Definition pres_index := {p : seq M * seq W | valid_pres p}.
Definition gens (i : pres_index) := (sval i).1.
Definition rels (i : pres_index) := (sval i).2.

Definition pres_le (i j : pres_index) :=
  {subset gens i <= gens j} /\ forall r, r \in rels i -> span (rels j) r.

Definition pres_ker i v := span (rels i) (restr (gens i) v).
Definition pres_ker_submod i : is_submod (pres_ker i) :=
  preim_submod (restr_hom _) (span_submod _).
Definition pres_mod i : Mod := quotM (pres_ker_submod i).
Local Notation pj i := (proj (pres_ker_submod i)).

Lemma pj_restr i v : pj i (restr (gens i) v) = pj i v.
Proof.
apply/proj_eq; rewrite /pres_ker (homB (restr_hom _)) restr_restr // subrr.
exact: submod0 (span_submod _).
Qed.

Lemma pj_rel i r : r \in rels i -> pj i r = 0.
Proof.
move=> rR; apply/proj_eq0; have [hs _] := svalP i r rR.
by rewrite /pres_ker restr_id //; apply: span_mem.
Qed.

Fact pres_trans_hom i j : is_hom (pj j \o restr (gens i)).
Proof. exact: hom_comp (restr_hom _) (proj_hom _). Qed.
Fact pres_trans_kill i j (h : pres_le i j) v : pres_ker i v -> (pj j \o restr (gens i)) v = 0.
Proof.
case: h => sG sR kv; apply/proj_eq0; rewrite /pres_ker /= restr_restr //.
exact: span_trans sR kv.
Qed.

Definition pres_trans i j (h : pres_le i j) : pres_mod i -> pres_mod j :=
  qfactor (hS := pres_ker_submod i) (pj j \o restr (gens i)).

Lemma pres_transE i j (h : pres_le i j) v : pres_trans h (pj i v) = pj j (restr (gens i) v).
Proof. exact (qfactorE _ (pres_trans_hom i j) (pres_trans_kill h) v). Qed.

Fact pres_lim_kill i v : pres_ker i v -> ev (gens i) v = 0.
Proof.
move=> kv; rewrite -(evf_restr _ _ (fun x (xG : x \in gens i) => xG)).
by apply: span_kill (evf_hom _ _) _ kv => r /(svalP i r) [].
Qed.

Definition pres_lim i : pres_mod i -> M := qfactor (hS := pres_ker_submod i) (ev (gens i)).
Arguments pres_lim : clear implicits.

▶ Directions for this task
Your task is to write out, exactly, the line that holds "(rels j) r." and every line after it until the records end.

▶ The answer
  {subset gens i <= gens j} /\ forall r, r \in rels i -> span (rels j) r.

Definition pres_ker i v := span (rels i) (restr (gens i) v).
Definition pres_ker_submod i : is_submod (pres_ker i) :=
  preim_submod (restr_hom _) (span_submod _).
Definition pres_mod i : Mod := quotM (pres_ker_submod i).
Local Notation pj i := (proj (pres_ker_submod i)).

Lemma pj_restr i v : pj i (restr (gens i) v) = pj i v.
Proof.
apply/proj_eq; rewrite /pres_ker (homB (restr_hom _)) restr_restr // subrr.
exact: submod0 (span_submod _).
Qed.

Lemma pj_rel i r : r \in rels i -> pj i r = 0.
Proof.
move=> rR; apply/proj_eq0; have [hs _] := svalP i r rR.
by rewrite /pres_ker restr_id //; apply: span_mem.
Qed.

Fact pres_trans_hom i j : is_hom (pj j \o restr (gens i)).
Proof. exact: hom_comp (restr_hom _) (proj_hom _). Qed.
Fact pres_trans_kill i j (h : pres_le i j) v : pres_ker i v -> (pj j \o restr (gens i)) v = 0.
Proof.
case: h => sG sR kv; apply/proj_eq0; rewrite /pres_ker /= restr_restr //.
exact: span_trans sR kv.
Qed.

Definition pres_trans i j (h : pres_le i j) : pres_mod i -> pres_mod j :=
  qfactor (hS := pres_ker_submod i) (pj j \o restr (gens i)).

Lemma pres_transE i j (h : pres_le i j) v : pres_trans h (pj i v) = pj j (restr (gens i) v).
Proof. exact (qfactorE _ (pres_trans_hom i j) (pres_trans_kill h) v). Qed.

Fact pres_lim_kill i v : pres_ker i v -> ev (gens i) v = 0.
Proof.
move=> kv; rewrite -(evf_restr _ _ (fun x (xG : x \in gens i) => xG)).
by apply: span_kill (evf_hom _ _) _ kv => r /(svalP i r) [].
Qed.

Definition pres_lim i : pres_mod i -> M := qfactor (hS := pres_ker_submod i) (ev (gens i)).
Arguments pres_lim : clear implicits.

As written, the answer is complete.